Acute Myocardial Infarction and Risk of Cognitive Impairment and Dementia: A Review
Round 1
Reviewer 1 Report
In this review, the authors discuss the evidence surrounding AMI and its links to dementia and CI, including pathophysiology, risk factors and related interventions. Vascular dysregulation plays a major role in CI, with atherosclerosis, platelet activation, microinfarcts and perivascular inflammation resulting in neurovascular unit dysfunction, disordered homeostasis and a dysfunctional neurohormonal response. This subsequently affects perfusion pressure, resulting in enlarged periventricular spaces and hippocampal sclerosis. The increased platelet activation seen in coronary artery disease (CAD) can also result in inflammation and amyloid-β protein deposition which is associated with Alzheimer's Dementia. Post AMI, reduced blood pressure and reduced left ventricular ejection fraction can cause chronic cerebral hypoperfusion, cerebral infarction, and failure of normal circulatory autoregulatory mechanisms. Patients who undergo coronary revascularization (percutaneous coronary intervention or bypass surgery) are at increased risk for post-procedure cognitive impairment, though whether this is related to the intervention itself or underlying cardiovascular risk factors is debated. Mortality rates are higher in dementia patients with AMI, and post-AMI CI is more prevalent in the elderly and in patients with post-AMI heart failure. Medical management (antiplatelet, statin, renin-angiotensin system inhibitors, cardiac rehabilitation) can reduce the risk of post-AMI CI; however, beta-blockers may be associated with functional decline in patients with existing CI. In the ending of this review the authors proclame that early identification of those with dementia or CI who present with AMI is important, as subsequent tailoring of management strategies can potentially improve outcomes as well as guide prognosis.

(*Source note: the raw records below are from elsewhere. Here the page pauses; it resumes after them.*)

Lemma gen_nil u : Lq u [::] -> generated u.
Proof. by move=> H; apply: gen_Lequiv H _; exists [::]; apply: Lequiv_refl. Qed.

Lemma gen_cat u v : generated u -> generated v -> generated (u ++ v).
Proof. by move=> [f Hf] [g Hg]; exists (f ++ g); rewrite eval_cat; apply: Lequiv_cat. Qed.

Lemma gen_rev u : generated u -> generated (rev u).
Proof.
move=> [f Hf]; exists (rev (map (letter_inv (L:=_)) f)).
by rewrite eval_rev; apply: Lequiv_rev.
Qed.

Lemma loop_word_shift s k : k.+4 <= n -> reachable (qvert k s) ->
  Lq (loop_word (s * t k.+1)%g k) (loop_word s k).
Proof.
move=> hk Hr; have [Hr' _] := (reachable_step s hk).1 Hr.
have A2 : pair_word k.+1 [:: k.+1] by rewrite /pair_word /= eqxx.
have H1 := rep_pair hn (ltnW hk) Hr (pair_word_letter k.+1).
have H2 := rep_pair hn hk Hr' A2.
rewrite /= mulg1 in H1 H2.
rewrite /loop_word; apply: Lequiv_trans (Lequiv_cat H1 (Lequiv_rev H2)) _.
rewrite rev_cat /= -catA; apply: Lequiv_catl.
exact: (Lequiv_sq_head _ (ltnW hk)).
Qed.

Lemma rep_parent v : reachable v -> v <> qbase n ->
  Lq (rep (parent_edge v).1.2 (parent_edge v).1.1) (rep (parent_edge v).1.2 (parent_edge v).1.1.+1).
Proof.
move=> Hv Hv0; have HP := parent_edgeP Hv Hv0.
move: (tree_word_unfold Hv); move/eqP: Hv0 => /negbTE ->; rewrite /parent.
case: (parent_edge v) HP => [[k d] []] /= [hk [Ev [Hr _]]] Etw;
  rewrite /rep -Ev Etw -/(rep _ _).
- have [_ Hpi _] := repP hn (ltnW hk) Hr.
  by apply: Lequiv_sym; apply: extend_self => //; lia.
- have [_ Hpi _] := repP hn hk Hr.
  by apply: extend_self => //; lia.
Qed.

Lemma loop_word_tree s k : k.+4 <= n -> reachable (qvert k s) -> tree_edge (qedge k s) ->
  Lq (loop_word s k) [::].
Proof.
move=> hk Hr [v [Hv [Hv0 Ee]]].
move: Ee (rep_parent Hv Hv0) (parent_edgeP Hv Hv0).
case: (parent_edge v) => [[k' d] up] /= Ee Hrep [hk' _].
have [Ek Es] := qedge_eq hk hk' Ee; subst k'.
have Hrd : reachable (qvert k d).
  have E := qvert_pair d (ltnW hk) (pair_word_letter k.+1); rewrite /= mulg1 in E.
  by case: Es Hr => ->; rewrite ?E.
have Hloop : Lq (loop_word d k) [::].
  have [_ _ V] := repP hn (ltnW hk) Hrd.
  apply: Lequiv_trans (Lequiv_catl _ (Lequiv_rev (Lequiv_sym Hrep))) _.
  exact: Lequiv_cat_rev V.
case: Es => ->; first exact: Hloop.
exact: Lequiv_trans (loop_word_shift hk Hrd) Hloop.
Qed.

Lemma gen_loop_word s k : k.+4 <= n -> reachable (qvert k s) -> generated (loop_word s k).
Proof.
move=> hk Hr.
case: (excluded_middle_informative (tree_edge (qedge k s))) => Ht.
  exact: gen_nil (loop_word_tree hk Hr Ht).
have Hin : qedge k s \in cotree n.
  rewrite mem_filter mem_enum andbT; apply/classic_boolP.
  by exists k, s; split => //; split.
pose i : 'I_(nbasis n) := Ordinal (etrans (index_mem _ _) Hin).
have [K1 K2 K3] := cotree_endP i.
have [Ek Es] := qedge_eq hk K1 (etrans (esym (nth_index _ Hin)) K2).
exists [:: (i, true)]; rewrite /eval_free /= cats0 /basis -Ek.
case: Es => ->; first exact: Lequiv_refl.
by apply: loop_word_shift => //; rewrite Ek.
Qed.

Lemma gen_column s k : reachable (qvert 0 s) -> k.+3 <= n ->
  generated (rep s 0 ++ rev (rep s k)).
Proof.
move=> Hr; elim: k => [|k IH] hk.
  have [_ _ V] := repP hn hk Hr.
  exact: gen_nil (Lequiv_cat_rev V).
have [_ _ V] := repP hn (ltnW hk) (reachable_up Hr (ltnW hk)).
apply: gen_Lequiv (gen_cat (IH (ltnW hk)) (gen_loop_word hk (reachable_up Hr (ltnW hk)))).
rewrite /loop_word; move: (rep s 0) (rep s k) (rep s k.+1) V => A B C V.
rewrite -!catA; apply: Lequiv_catl; rewrite catA -[X in Lq X _]cat0s; apply: Lequiv_catr.
by apply: Lequiv_sym; apply: Lequiv_rev_cat.
Qed.

(* Crossing the letter j, seen from the representatives at type 0, is
   generated: go up to type j - 1, where j acts inside the vertex group. *)
Lemma gen_cross s j : reachable (qvert 0 s) -> j.+1 < n ->
  generated (rep s 0 ++ [:: j] ++ rev (rep (s * t j)%g 0)).
Proof.
move=> Hr hj.
have hm : (j.-1).+3 <= n by lia.
have Hrm := reachable_up Hr hm.
have Hsh := rep_pair hn hm Hrm (pair_word_letter j); rewrite /= mulg1 in Hsh.
have Hr' : reachable (qvert 0 (s * t j)%g).
  have E := qvert_pair s hm (pair_word_letter j); rewrite /= mulg1 in E.
  by apply: (reachable_down hm); rewrite E.
have G := gen_rev (gen_column Hr' hm); rewrite rev_cat revK in G.
apply: gen_Lequiv (gen_cat (gen_column Hr hm) G).
have [_ _ V] := repP hn hm Hrm.
move: Hsh V; move: (rep s 0) (rep s j.-1) (rep (s * t j)%g j.-1) (rep (s * t j)%g 0).
move=> A B C D Hsh V; rewrite -!catA; apply: Lequiv_catl.
apply: Lequiv_trans (_ : Lq _ ((rev B ++ B) ++ [:: j] ++ rev D)) _.
  rewrite -[X in Lq X _]cat0s; apply: Lequiv_catr.
  by apply: Lequiv_sym; apply: Lequiv_rev_cat.
rewrite -!catA; apply: Lequiv_catl; rewrite catA; apply: Lequiv_catr.
exact: Lequiv_sym Hsh.
Qed.

Lemma rep_base : Lq (rep 1%g 0) [::].
Proof. by rewrite /rep tree_word_base; apply: extend_self => //; lia. Qed.

Lemma gen_rep w : valid_word n w -> generated (w ++ rev (rep (pi w) 0)).
Proof.
elim/last_ind: w => [_|w j IH].
  by apply: gen_nil; rewrite -[X in Lq _ X](revK [::]); apply: Lequiv_rev; apply: rep_base.
rewrite -cats1 valid_cat => /andP [hw]; rewrite /valid_word /= andbT => hj.
have h3 : 0.+3 <= n by lia.
have [_ _ V] := repP hn h3 (reachable_pi hn hw).
apply: gen_Lequiv (gen_cat (IH hw) (gen_cross (reachable_pi hn hw) hj)).
rewrite pi_cat /= mulg1; move: V; move: (rep (pi w) 0) (rep (pi w * t j)%g 0) => A D V.
rewrite -!catA; apply: Lequiv_catl; rewrite catA -[X in Lq X _]cat0s; apply: Lequiv_catr.
exact: Lequiv_sym (Lequiv_rev_cat V).
Qed.

Lemma basis_gen w : in_PL n w -> generated w.
Proof.
move=> [hw hp]; apply: gen_Lequiv (gen_rep hw).
rewrite hp -[X in Lq X _]cats0; apply: Lequiv_catl.
by apply: Lequiv_sym; rewrite -[X in Lq _ X](revK [::]); apply: Lequiv_rev; apply: rep_base.
Qed.

End Generation.

Theorem PL_free_ge4 n : 4 <= n -> PL_free_finite_rank n.
Proof.
move=> hn; exists (nbasis n), (@basis n); split; first exact: basis_PL.
by split; [exact: basis_gen | exact: basis_free].
Qed.

(* A test action of L_n on nat, valid for every n: y_1 swaps 2 and 3, y_j
   swaps 1 and 2 for j even and 0 and 2 for j odd > 1.  The images of
   y_1 y_3 y_1 y_3 and its conjugate by y_2 are pure but do not commute. *)
Definition swap (a b y : nat) : nat := if y == a then b else if y == b then a else y.

Definition test_gen (j y : nat) : nat :=
  if j == 0 then swap 2 3 y else if odd j then swap 1 2 y else swap 0 2 y.

Definition test_act (w : seq nat) (x : nat) : nat := foldr test_gen x w.

Lemma test_act_cat u v x : test_act (u ++ v) x = test_act u (test_act v x).
Proof. by rewrite /test_act foldr_cat. Qed.

Lemma test_gen_inv j y : test_gen j (test_gen j y) = y.
Proof.
by rewrite /test_gen; case: (j == 0); last case: (odd j); case: y => [|[|[|[|y]]]].
Qed.

Lemma test_gen_braid i y :
  test_gen i (test_gen i.+1 (test_gen i y)) = test_gen i.+1 (test_gen i (test_gen i.+1 y)).
Proof.
rewrite /test_gen /=; case: i => [|i] /=; first by case: y => [|[|[|[|y]]]].
by case: (odd i) => /=; case: y => [|[|[|[|y]]]].
Qed.

Lemma test_act_Lequiv n u v : Lequiv n u v -> forall x, test_act u x = test_act v x.
Proof.
elim=> {u v} [//|u v _ IH|u v w _ IH1 _ IH2|u v j hj|u v i hi] x.
- by rewrite IH.
- by rewrite IH1 IH2.
- by rewrite !test_act_cat /= test_gen_inv.
- by rewrite !test_act_cat /= test_gen_braid.
Qed.

Lemma tperm_comm n (a b c d : 'I_n) : a != c -> a != d -> b != c -> b != d ->
  (tperm a b * tperm c d = tperm c d * tperm a b)%g.
Proof.
move=> h1 h2 h3 h4.
have E : (tperm c d ^ tperm a b = tperm c d)%g by rewrite tpermJ !tpermD // eq_sym.
rewrite /conjg tpermV in E.
by rewrite -{2}E mulgA -(mulgA _ (tperm a b)) tperm2 mulg1.
Qed.

Lemma PL_nonabelian_ge4 n : 4 <= n -> PL_nonabelian n.
Proof.
move=> hn.
have h0 : 0.+1 < n by lia.
have h1 : 1.+1 < n by lia.
have h2 : 2.+1 < n by lia.
have Hc : (adj_transp n 0 * adj_transp n 2 = adj_transp n 2 * adj_transp n 0)%g.
  by rewrite (adj_transpE h0) (adj_transpE h2); apply: tperm_comm; rewrite -val_eqE.
have Hu : pi_word n [:: 0; 2; 0; 2] = 1%g.
  rewrite /= mulg1 !mulgA Hc -(mulgA (adj_transp n 2)) adj_transpK mulg1.
  exact: adj_transpK.
have Hv : pi_word n [:: 1; 0; 2; 0; 2; 1] = 1%g.
  rewrite -[[:: 1; 0; 2; 0; 2; 1]]/([:: 1] ++ [:: 0; 2; 0; 2] ++ [:: 1]).
  by rewrite !pi_cat Hu mul1g /= !mulg1 adj_transpK.
exists [:: 0; 2; 0; 2], [:: 1; 0; 2; 0; 2; 1]; split.
  by split => //; rewrite /valid_word /= h0 h2.
split; first by split => //; rewrite /valid_word /= h0 h1 h2.
by move/test_act_Lequiv => /(_ 0).
Qed.

(* For n = 2, L_2 = Z/2 embeds in S_2; for n = 3, L_3 = D_0 embeds in S_3. *)
Lemma PL_trivial_le3 n : 2 <= n -> n <= 3 -> PL_trivial n.
Proof.
move=> h2 h3 w [hw hp].
have [E2|E3] : n = 2 \/ n = 3 by lia.
- subst n; suff : Lequiv 2 w [::] \/ Lequiv 2 w [:: 0].
    case=> // H; exfalso.
    have := Lequiv_pi H; rewrite hp /= mulg1 (@adj_transpE 2 0 (ltnSn 1)).
    by move=> /esym/permP/(_ (Ordinal (ltnW (ltnSn 1)))); rewrite tpermL perm1.
  elim: w hw {hp} => [|j w IH]; first by left; apply: Lequiv_refl.
  rewrite /valid_word /= => /andP [hj /IH []] H; have -> : j = 0 by lia.
  + by right; apply: (Lequiv_catl [:: 0] H).
  + left; apply: Lequiv_trans (Lequiv_catl [:: 0] H) _.
    exact: (Lequiv_sq_head _ (ltnSn 1)).
- subst n; apply: (@pair_word_Lequiv 3 0) => //.
  elim: w hw {hp} => // j w IH; rewrite /valid_word /= => /andP [hj hw].
  by rewrite IH // andbT; case: j hj => [|[|j]].
Qed.

Lemma PL_trivial_abelian n : PL_trivial n -> ~ PL_nonabelian n.
Proof.
move=> T [u [v [Hu [Hv Hne]]]]; apply: Hne.
apply: Lequiv_trans (Lequiv_cat (T u Hu) (T v Hv)) _.
exact: Lequiv_sym (Lequiv_cat (T v Hv) (T u Hu)).
Qed.

Theorem proposition5p3 (n : nat) (hn : 2 <= n) :
  ((PL_free_finite_rank n /\ PL_nonabelian n) <-> 4 <= n) /\
  (n <= 3 -> PL_trivial n).
Proof.
split; last exact: PL_trivial_le3.
split=> [[_ Hnab]|h4]; last by split; [exact: PL_free_ge4 | exact: PL_nonabelian_ge4].
case: (leqP 4 n) => // h3; exfalso.
exact: PL_trivial_abelian (PL_trivial_le3 hn h3) Hnab.
Qed.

This review is well written and brings new knowledge to the topic of cardiovascular disease.
Nevertheless, in the introduction or discussion section, it is worth referring to current publications describing the significant importance of statins in the prevention of ischemic stroke associated with atrial fibrillation (Wankowicz et al, Choi et al)
Author Response
We thank the editor and reviewers for their comments that help to strengthen the manuscript. We agree that the effect of statins in the prevention of ischemic stroke associated with atrial fibrillation is an important point to be made in the manuscript, and have edited the manuscript to include this under section 3.9.2 ‘Statins’. Once again, we thank the editor and reviewer for the opportunity to improve the quality of the manuscript.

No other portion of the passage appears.